Help me reduce the size of this ImageReady CS animated gif file for an email banner.
September 10, 2007 8:14 AM   Subscribe

Help me reduce the file size for Adobe ImageReady CS animated gif.

I was asked to create an animated email banner in either gif or jpeg, at 468x60 pixels and only 15 kB, looping three times only. I created a layered Photoshop file with one image and some text layers (all 72 dpi). As this is my first time using ImageReady, I am getting a file that is ten times larger than needed (156 kB). My attempts at "optimization" and whatnot have proven fruitless. Anyone care to assist me and get this thing wrangled down to 15 k?
posted by UnclePlayground to Computers & Internet (5 answers total)
 
Response by poster: By the way, I am a graphic designer with much experience in the printed arts, but hardly any in the e-world. Thanks for your consideration.
posted by UnclePlayground at 8:15 AM on September 10, 2007


You wouldn't want to share the file, would you? I could get a better idea of what to do if I could look at the file. If so, my email is in my profile.
posted by Thorzdad at 8:29 AM on September 10, 2007


Response by poster: Jim, sent it to your gmail.
posted by UnclePlayground at 8:48 AM on September 10, 2007


Generally, here's what I'd do:

Simple background, few colors: GIF. 16 or 32 colors. GIFs save space by reducing the color information but not detail.

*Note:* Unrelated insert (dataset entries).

(* The inhomogeneous domain wall boundary partition function $Z_N(\{u\}_N|\{w\}_N)$ satisfies: (1) it is a polynomial in $w_N$ of degree at most $N-1$; (2) it is symmetric in $u_1,\dots,u_N$; (3) $Z_1(u_1|w_1)=(1-t)cu_1$; (4) for $N\ge2$ and each $k\in\{1,\dots,N\}$, \[Z_N(\{u\}_N|\{w\}_N)\big|_{w_N=-au_k/b}=(1-t)ca^{N-1}u_k\prod_{j\neq k}(tu_j-u_k)\prod_{j=1}^{N-1}(eu_k+fw_j)\,Z_{N-1}(u_1,\dots,\widehat{u_k},\dots,u_N|w_1,\dots,w_{N-1}),\] where $\widehat{u_k}$ means $u_k$ is omitted.
   Context: Fix complex parameters $t,a,b,c,d,e,f$, all nonzero, with $t\neq1$, satisfying $cd+af=0$ and $tcd+be=0$. The inhomogeneous $L$-operator $L_{aj}(u,w)$ on $W_a\otimes V_j$ ($\cong\mathbb{C}^2\otimes\mathbb{C}^2$, basis $|0\rangle,|1\rangle$) has matrix elements ${}_a\langle\gamma|{}_j\langle\delta|L_{aj}(u,w)|\alpha\rangle_a|\beta\rangle_j=[L(u,w)]^{\gamma\delta}_{\alpha\beta}$: $[L]^{00}_{00}=au+bw$, $[L]^{01}_{01}=atu+bw$, $[L]^{01}_{10}=(1-t)cu$, $[L]^{10}_{01}=(1-t)dw$, $[L]^{10}_{10}=eu+fw$, $[L]^{11}_{11}=eu+tfw$, all others $0$. Define $B_N(u|\{w\}_N)={}_a\langle0|L_{aN}(u,w_N)\cdots L_{a1}(u,w_1)|1\rangle_a$ on $V_1\otimes\cdots\otimes V_N$ and $Z_N(\{u\}_N|\{w\}_N)=\langle1\cdots N|B_N(u_1|\{w\}_N)\cdots B_N(u_N|\{w\}_N)|\Omega\rangle$ with $|\Omega\rangle=|0\rangle^{\otimes N}$, $\langle1\cdots N|=\langle1|^{\otimes N}$. *)

From HB Require Import structures.
From mathcomp Require Import all_boot all_order all_algebra.
Set Implicit Arguments. Unset Strict Implicit. Unset Printing Implicit Defensive.
Import Order.TTheory GRing.Theory Num.Theory.
Local Open Scope ring_scope.

Section Six.
Variable R : numClosedFieldType.
Variables t a b c d e f : R.

(* [L(u,w)]^{g dl}_{al be}, basis |0> = false, |1> = true:
   g = outgoing auxiliary, dl = outgoing quantum, al = incoming auxiliary,
   be = incoming quantum. *)
Definition Lent (u w : R) (g dl al be : bool) : R :=
  match g, dl, al, be with
  | false, false, false, false => a * u + b * w
  | false, true,  false, true  => a * t * u + b * w
  | false, true,  true,  false => (1 - t) * c * u
  | true,  false, false, true  => (1 - t) * d * w
  | true,  false, true,  false => e * u + f * w
  | true,  true,  true,  true  => e * u + t * f * w
  | _, _, _, _ => 0
  end.

(* Matrix element of L_{a n}(u,w_n) ... L_{a 1}(u,w_1) between quantum
   basis states outs / ins on sites 1..n (listed in order w_1..w_n),
   with incoming auxiliary state al and outgoing auxiliary state fin. *)
Fixpoint chain (u : R) (ws : seq R) (outs ins : seq bool) (al fin : bool) : R :=
  match ws, outs, ins with
  | w :: ws', o :: os, i :: is_ =>
      \sum_(g : bool) Lent u w g o al i * chain u ws' os is_ g fin
  | [::], [::], [::] => (al == fin)%:R
  | _, _, _ => 0
  end.

(* <outs| B_N(u|{w}_N) |ins> = <outs| _a<0| L_{aN}...L_{a1} |1>_a |ins> *)
Definition Bel (u : R) (ws : seq R) (outs ins : seq bool) : R :=
  chain u ws outs ins true false.

(* Z_N({u}_N|{w}_N) = <1...1| B(u_1) ... B(u_N) |0...0>;
   vectors are represented by their coordinate functions. *)
Definition Zpf (N : nat) (us ws : seq R) : R :=
  foldr (fun (u : R) (v : N.-tuple bool -> R) =>
           fun out : N.-tuple bool =>
             \sum_(s : N.-tuple bool) Bel u ws out s * v s)
        (fun s : N.-tuple bool => (s == nseq_tuple N false)%:R)
        us (nseq_tuple N true).

End Six.

From HB Require Import structures.
From mathcomp Require Import all_boot all_order all_algebra.
From mathcomp Require Import ring.
From Stdlib Require Import FunctionalExtensionality.
Import Order.TTheory GRing.Theory Num.Theory.
Set Implicit Arguments. Unset Strict Implicit. Unset Printing Implicit Defensive.
Local Open Scope ring_scope.

(** The Yang-Baxter relation [RLL = LLR] of the six-vertex weights holds exactly
    modulo [c d + a f] and [t c d + b e]; propagated along the row it becomes
    [RTT = TTR], whose [(00, 11)] entry reads [(t u - v) B(u) B(v) = (t u - v) B(v) B(u)].
    Taking [u] to be an indeterminate cancels [t u - v], so the [B] operators commute
    and [Z_N] is symmetric.  Splitting off the last site, [B(u)] acts on the last spin
    through weights linear in [w_N], which bounds the degree in [w_N].  Finally let
    [B(u_k)] act first on the vacuum: at [w_N = - a u_k / b] its weight [a u_k + b w_N]
    at the last site vanishes, so the last column freezes; [B(u_k)] contributes
    [(1 - t) c u_k] there and [D(u_k)] on the vacuum of the first [N - 1] sites, i.e.
    [prod_j (e u_k + f w_j)], while every other [B(u_j)] contributes
    [a t u_j + b w_N = a (t u_j - u_k)] and acts as a [B] of size [N - 1]. *)

Lemma nseqS_rcons (T : Type) n (x : T) : nseq n.+1 x = rcons (nseq n x) x.
Proof. by rewrite -addn1 nseqD cats1. Qed.

Lemma big_bool_pair (V : nmodType) (F : bool * bool -> V) :
  \sum_(p : bool * bool) F p =
  F (true, true) + F (true, false) + F (false, true) + F (false, false).
Proof.
rewrite (eq_bigr (fun p => F (p.1, p.2))); last by case.
by rewrite -(pair_bigA _ (fun x y => F (x, y))) !big_bool /= !addrA.
Qed.

Lemma foldr_perm (T : eqType) (V : Type) (F : T -> V -> V) v (s1 s2 : seq T) :
  (forall x y w, F x (F y w) = F y (F x w)) -> perm_eq s1 s2 ->
  foldr F v s1 = foldr F v s2.
Proof.
move=> FC; have F_foldr x w s : foldr F (F x w) s = F x (foldr F w s).
  by elim: s => //= y s ->; rewrite FC.
have foldrC s s' w : foldr F (foldr F w s) s' = foldr F (foldr F w s') s.
  by elim: s' => //= x s' ->; rewrite F_foldr.
by apply: catCA_perm_subst => s s' s''; rewrite !foldr_cat foldrC.
Qed.

Lemma big_ord_skip (R : comPzSemiRingType) (G : R -> R) (us : seq R) n k :
  size us = n.+1 -> (k < n.+1)%N ->
  \prod_(j < n.+1 | j != k :> nat) G us`_j = \prod_(x <- take k us ++ drop k.+1 us) G x.
Proof.
move=> su kn; rewrite big_mkcond (bigD1_ord (Ordinal kn)) //= eqxx mul1r.
rewrite (big_nth 0) size_cat size_take size_drop su kn subSS subnKC ?big_mkord //.
apply: eq_bigr => i _; rewrite /= /bump nth_cat size_take su kn.
case: ltnP => [ik|ki]; first by rewrite add0n ltn_eqF ?nth_take.
by rewrite add1n gtn_eqF ?ltnS // nth_drop addSn subnKC.
Qed.

Lemma map_horner_polyC (R : comNzRingType) (x : R) ws :
  map (horner_eval x) (map polyC ws) = ws.
Proof. by rewrite -map_comp map_id_in // => w _; rewrite /= /horner_eval hornerC. Qed.

Fixpoint bitseqs (n : nat) : seq (seq bool) :=
  if n is n'.+1 then [seq x :: s | x <- [:: true; false], s <- bitseqs n']
  else [:: [::]].

Lemma mem_bitseqs n s : (s \in bitseqs n) = (size s == n).
Proof.
elim: n s => [|n IH] s; first by rewrite inE -size_eq0.
apply/allpairsP/idP => [[[x s'] /= [_ + ->]]|]; first by rewrite IH.
by case: s => // x s; rewrite eqSS -IH => sn; exists (x, s); case: x.
Qed.

Lemma uniq_bitseqs n : uniq (bitseqs n).
Proof.
elim: n => // n IH; rewrite /bitseqs -/bitseqs.
by apply: allpairs_uniq => // -[? ?] [? ?] _ _ [-> ->].
Qed.

Section BitseqSums.
Variable V : nmodType.
Implicit Type F : seq bool -> V.

Lemma big_bitseqs0 F : \sum_(s <- bitseqs 0) F s = F [::].
Proof. exact: big_seq1. Qed.

Lemma big_bitseqsS n F :
  \sum_(s <- bitseqs n.+1) F s = \sum_(x : bool) \sum_(s <- bitseqs n) F (x :: s).
Proof. by rewrite /= cats0 big_cat !big_map big_bool. Qed.

Lemma big_bitseqs_rcons n F :
  \sum_(s <- bitseqs n.+1) F s = \sum_(s <- bitseqs n) \sum_(x : bool) F (rcons s x).
Proof.
elim: n F => [|n IH] F.
  by rewrite big_bitseqsS big_bitseqs0; under eq_bigr do rewrite big_bitseqs0.
rewrite big_bitseqsS (eq_bigr _ (fun x _ => IH (fun s => F (x :: s)))).
by rewrite [RHS]big_bitseqsS.
Qed.

Lemma big_tuple_bitseqs n F :
  \sum_(s : n.-tuple bool) F s = \sum_(s <- bitseqs n) F s.
Proof.
elim: n F => [|n IH] F.
  rewrite big_bitseqs0 (big_pred1 ([tuple] : 0.-tuple bool)) // => s.
  by rewrite [s]tuple0 /= eqxx.
have cons_bij : bijective (fun p : bool * n.-tuple bool => [tuple of p.1 :: p.2]).
  exists (fun s : n.+1.-tuple bool => (thead s, [tuple of behead s])).
    by case=> x s; congr pair; apply: val_inj.
  by move=> s; apply: val_inj; rewrite /= [in RHS](tuple_eta s).
rewrite (reindex _ (onW_bij _ cons_bij)) /=.
rewrite -(pair_big xpredT xpredT (fun x (s : n.-tuple bool) => F (x :: s))) big_bitseqsS.
by apply: eq_bigr => x _; apply: IH.
Qed.

End BitseqSums.

Lemma big_bitseqs_delta (R : pzSemiRingType) n (F : seq bool -> R) z :
  size z = n -> \sum_(s <- bitseqs n) F s * (s == z)%:R = F z.
Proof.
move=> /eqP; rewrite -mem_bitseqs => zn.
rewrite (bigD1_seq z) ?uniq_bitseqs //= eqxx mulr1 big1 ?addr0 // => s /negbTE->.
exact: mulr0.
Qed.

(** [Lweight] and [monodromy] restate [Lent] and [chain] over an arbitrary commutative
    ring, so that the spectral parameters can be taken polynomial; vectors of
    [V_1 (x) ... (x) V_n] are coordinate functions on [bitseqs n] (see [Zpf_pfZ]). *)
Section SixVertexModel.
Variable R : comPzRingType.
Variables t a b c d e f : R.

Definition Lweight (u w : R) (g dl al be : bool) : R :=
  match g, dl, al, be with
  | false, false, false, false => a * u + b * w
  | false, true,  false, true  => a * t * u + b * w
  | false, true,  true,  false => (1 - t) * c * u
  | true,  false, false, true  => (1 - t) * d * w
  | true,  false, true,  false => e * u + f * w
  | true,  true,  true,  true  => e * u + t * f * w
  | _, _, _, _ => 0
  end.

Fixpoint monodromy (u : R) (ws : seq R) (outs ins : seq bool) (al fin : bool) : R :=
  match ws, outs, ins with
  | w :: ws', o :: os, i :: is_ =>
      \sum_(g : bool) Lweight u w g o al i * monodromy u ws' os is_ g fin
  | [::], [::], [::] => (al == fin)%:R
  | _, _, _ => 0
  end.

(** The entry [_a<fin| T(u) |al>_a] of the monodromy matrix, acting on vectors. *)
Definition Top u ws al fin (v : seq bool -> R) (out : seq bool) : R :=
  \sum_(s <- bitseqs (size ws)) monodromy u ws out s al fin * v s.

Definition Bop u ws := Top u ws true false.
Definition Dop u ws := Top u ws true true.

Definition vacuum n (s : seq bool) : R := (s == nseq n false)%:R.

Definition pfZ us ws :=
  foldr (fun u => Bop u ws) (vacuum (size ws)) us (nseq (size ws) true).

Lemma eq_Top u ws al fin v1 v2 :
  (forall s, size s = size ws -> v1 s = v2 s) ->
  Top u ws al fin v1 =1 Top u ws al fin v2.
Proof. by move=> eq_v out; apply: eq_big_seq => s; rewrite mem_bitseqs => /eqP/eq_v->. Qed.

Lemma Top0 u ws al fin v out :
  (forall s, size s = size ws -> v s = 0) -> Top u ws al fin v out = 0.
Proof. by move=> v0; rewrite (eq_Top _ _ _ v0) /Top big1 // => s _; rewrite mulr0. Qed.

Lemma TopZ u ws al fin k v out :
  Top u ws al fin (fun s => k * v s) out = k * Top u ws al fin v out.
Proof. by rewrite /Top mulr_sumr; apply: eq_bigr => s _; rewrite mulrCA. Qed.

Lemma monodromy_rcons u ws w o ob i ib al fin :
  size o = size ws -> size i = size ws ->
  monodromy u (rcons ws w) (rcons o ob) (rcons i ib) al fin =
  \sum_(g : bool) monodromy u ws o i al g * Lweight u w fin ob g ib.
Proof.
elim: ws o i al => [|w' ws IH] [|o1 o] [|i1 i] al //=.
  by move=> _ _; rewrite !big_bool; case: al; case: fin => /=; ring.
case=> so [si]; under eq_bigr do rewrite IH // mulr_sumr.
rewrite exchange_big; apply: eq_bigr => h _.
by rewrite mulr_suml; apply: eq_bigr => g _; rewrite mulrA.
Qed.

Lemma Bop_rcons_false u ws x v o : size o = size ws ->
  Bop u (rcons ws x) v (rcons o false) =
  (a * u + b * x) * Bop u ws (fun s => v (rcons s false)) o.
Proof.
move=> so; rewrite /Bop /Top size_rcons big_bitseqs_rcons mulr_sumr.
apply: eq_big_seq => s; rewrite mem_bitseqs => /eqP ss.
by rewrite !big_bool !monodromy_rcons // !big_bool /=; ring.
Qed.

Lemma Bop_rcons_true u ws x v o : size o = size ws ->
  Bop u (rcons ws x) v (rcons o true) =
  (a * t * u + b * x) * Bop u ws (fun s => v (rcons s true)) o +
  (1 - t) * c * u * Dop u ws (fun s => v (rcons s false)) o.
Proof.
move=> so; rewrite /Bop /Dop /Top size_rcons big_bitseqs_rcons !mulr_sumr -big_split.
apply: eq_big_seq => s; rewrite mem_bitseqs => /eqP ss.
by rewrite !big_bool !monodromy_rcons // !big_bool /=; ring.
Qed.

Busy background or lots of colors: JPG. 4-5 quality. Maybe 5% blur. JPG compresses detail and colors, resulting in a harsh image if the quality is set too low

I'm usually not constrained by size, but 15k is extremely tight regardless. If you have to do this routinely, argue them up to 30k so that the work you hand in isn't forced to look bad.

If you're new to ImageReady, you might want to try optimizing it in photoshop's "Save for Web..." function. It has the same options, but in a compact interface (the resulting file size is shown in the lower left). Just remember: color depth for GIFs, quality slider for JPGs. Forget the other checkboxes and options. If it looks bad as a 15k GIF, try the same thing as a JPG.

Forgive me if CS1 can't "save for web" animations in PS, I've only worked in PS6 and CS2
posted by cowbellemoo at 9:10 AM on September 10, 2007


A 15K animated gif is going to have to be mostly flat colour and not much changing each frame. You have to progressively limit the palette, shrink any photographic elements and restrict movement (fades and slides are lethal; fast wipes can sometimes be OK, but probably not with 15K to play with) until it gets under the limit.